[Stored data]
(* Let $Q$ be a square-free word of length $n\geq 2$. Then the number of almost-square factors of $Q$ (counted as occurrences, i.e., as pairs (starting position, length) such that the corresponding factor is an almost-square) is less than $2n\log_{5/4} n$.
   Context: Words are finite sequences of letters. A factor of $Q$ is a contiguous subword. An extension of a word $W$ over an alphabet $\mathbb{A}$ is a word $W_1xW_2$ with $W=W_1W_2$ ($W_1,W_2$ possibly empty) and $x\in\mathbb{A}$. An almost-square is a word of the form $WW'$ where $W'$ is either an extension of $W$ or is obtained by deleting one letter from $W$. A square is a nonempty word of the form $YY$; a word is square-free if none of its factors is a square. *)

From mathcomp Require Import all_boot.
From Stdlib Require Import Reals ClassicalEpsilon.
Set Implicit Arguments. Unset Strict Implicit. Unset Printing Implicit Defensive.

Section Words.
Variable T : Type.

Definition factor (f Q : seq T) : Prop := exists u v, Q = u ++ f ++ v.

Definition square_free (Q : seq T) : Prop :=
  forall Y : seq T, Y <> [::] -> ~ factor (Y ++ Y) Q.

Definition extension (W W' : seq T) : Prop :=
  exists W1 W2 (x : T), W = W1 ++ W2 /\ W' = W1 ++ x :: W2.

Definition deletion (W W' : seq T) : Prop :=
  exists W1 W2 (x : T), W = W1 ++ x :: W2 /\ W' = W1 ++ W2.

Definition almost_square (U : seq T) : Prop :=
  exists W W', U = W ++ W' /\ (extension W W' \/ deletion W W').

Definition almost_squareb (U : seq T) : bool :=
  if excluded_middle_informative (almost_square U) then true else false.

Definition almost_square_count (Q : seq T) : nat :=
  let n := size Q in
  size [seq p <- [seq (i, l) | i <- iota 0 n, l <- iota 1 n]
          | (p.1 + p.2 <= n) && almost_squareb (take p.2 (drop p.1 Q))].
End Words.

(* Fix a start position i.  An almost-square W W' of length 2m+1 at i, with
   W = W1 W2 and the letter x inserted into (or deleted from) W after W1, says
   that the block W1 recurs at one distance (m or m+1) and the block W2 at the
   other.  In a square-free word two recurrences at distances d1 < d2 on a
   common block of length p are only possible if p < d2 - d1, for otherwise
   they produce a square of period d2 - d1.  Comparing the recurrences of two
   almost-squares at i of half-lengths m < m' in this way gives m' >= 2m for
   gapped squares u x u and 3m' >= 4m for the other insertions and deletions.
   So at most 1 + log_2 n + 2 log_{4/3} (2n/3) < 2 log_{5/4} n almost-squares
   start at i, and there are n start positions. *)

From mathcomp Require Import all_boot zify boolp.
From Stdlib Require Import ClassicalEpsilon.
Set Implicit Arguments. Unset Strict Implicit. Unset Printing Implicit Defensive.

Lemma count_predU_le (S : Type) (P1 P2 : pred S) (s : seq S) :
  count (predU P1 P2) s <= count P1 s + count P2 s.
Proof. by rewrite -count_predUI leq_addr. Qed.

Lemma lacunary_count (X : pred nat) (b A B : nat) :
  (forall m, X m -> b <= m) ->
  (forall m m', X m -> X m' -> m < m' -> B * m <= A * m') ->
  forall N, 0 < count X (iota 0 N) ->
  exists m, [/\ X m, m < N &
    b * B ^ (count X (iota 0 N)).-1 <= A ^ (count X (iota 0 N)).-1 * m].
Proof.
move=> Xb XAB; elim=> [//|N IH].
rewrite -[N.+1]addn1 iotaD count_cat /= add0n addn0.
case XN: (X N); rewrite /= ?addn0 ?addn1; last first.
  by move=> /IH [m [Xm lt_mN le_m]]; exists m; split => //; lia.
case: (posnP (count X (iota 0 N))) => [-> _|c_gt0].
  by exists N; rewrite /= !expn0 mul1n muln1; split; [|lia|apply: Xb].
have [m [Xm lt_mN le_m]] := IH c_gt0.
exists N; split => //.
move: c_gt0 (XAB _ _ Xm XN lt_mN) le_m.
case: (count X (iota 0 N)) => [//|c] /= _; rewrite !expnS.
move: (B ^ c) (A ^ c) => Bc Ac; nia.
Qed.

Lemma lacunary_count_ratio2 (X : pred nat) N :
  0 < N -> (forall m, X m -> 0 < m /\ 2 * m < N) ->
  (forall m m', X m -> X m' -> m < m' -> 2 * m <= m') ->
  2 ^ count X (iota 0 N) <= N.
Proof.
move=> N_gt0 XN Xgap; case: (posnP (count X (iota 0 N))) => [-> //|c_gt0].
have [|m m' Xm Xm' lt_mm'|m [/XN [_ lt_mN] _ le_m]] :=
  lacunary_count (b := 1) (A := 1) (B := 2) _ _ c_gt0.
- by move=> m /XN [].
- by rewrite mul1n; apply: Xgap.
- move: c_gt0 le_m; case: (count X (iota 0 N)) => [//|c] _ /=.
  by rewrite exp1n expnS; lia.
Qed.

Lemma lacunary_count_ratio43 (X : pred nat) N :
  1 < N -> (forall m, X m -> 1 < m /\ 2 * m < N) ->
  (forall m m', X m -> X m' -> m < m' -> 4 * m <= 3 * m') ->
  3 * 4 ^ count X (iota 0 N) <= 2 * 3 ^ count X (iota 0 N) * N.
Proof.
move=> N_gt1 XN Xgap; case: (posnP (count X (iota 0 N))) => [-> |c_gt0].
  by rewrite !expn0; lia.
have [|m [/XN [_ lt_mN] _ le_m]] :=
  lacunary_count (b := 2) (A := 3) (B := 4) _ Xgap c_gt0.
- by move=> m /XN [].
- move: c_gt0 le_m; case: (count X (iota 0 N)) => [//|c] _ /=.
  rewrite !expnS; move: (4 ^ c) (3 ^ c) => Fc Tc; nia.
Qed.

Section Recurrences.
Variables (T : Type) (w : nat -> T) (n : nat).

Definition shift_eq (s p d : nat) : Prop :=
  forall j, s <= j -> j < s + p -> w j = w (j + d).

Definition square_free_on : Prop :=
  forall s p, 0 < p -> s + 2 * p <= n -> ~ shift_eq s p p.

(* The shapes of an almost-square of length 2m+1 at i, with a = |W1|:
   W1 W2 W1 x W2 and W1 x W2 W1 W2 for 0 < a < m.  For a = 0 and a = m one
   gets either a gapped square u x u or a word containing a square. *)
Definition gapped_square (i m : nat) : Prop :=
  [/\ 0 < m, i + 2 * m < n & shift_eq i m m.+1].

Definition ext_almost_square (i m : nat) : Prop :=
  exists2 a, 0 < a < m &
    [/\ i + 2 * m < n, shift_eq i a m & shift_eq (i + a) (m - a) m.+1].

** About this exercise **
The required answer is the line with "[/\ 0 < m, i + 2 * m" plus every line after it to the end of the entries above, transcribed exactly.

** Result of the exercise **
  [/\ 0 < m, i + 2 * m < n & shift_eq i m m.+1].

Definition ext_almost_square (i m : nat) : Prop :=
  exists2 a, 0 < a < m &
    [/\ i + 2 * m < n, shift_eq i a m & shift_eq (i + a) (m - a) m.+1].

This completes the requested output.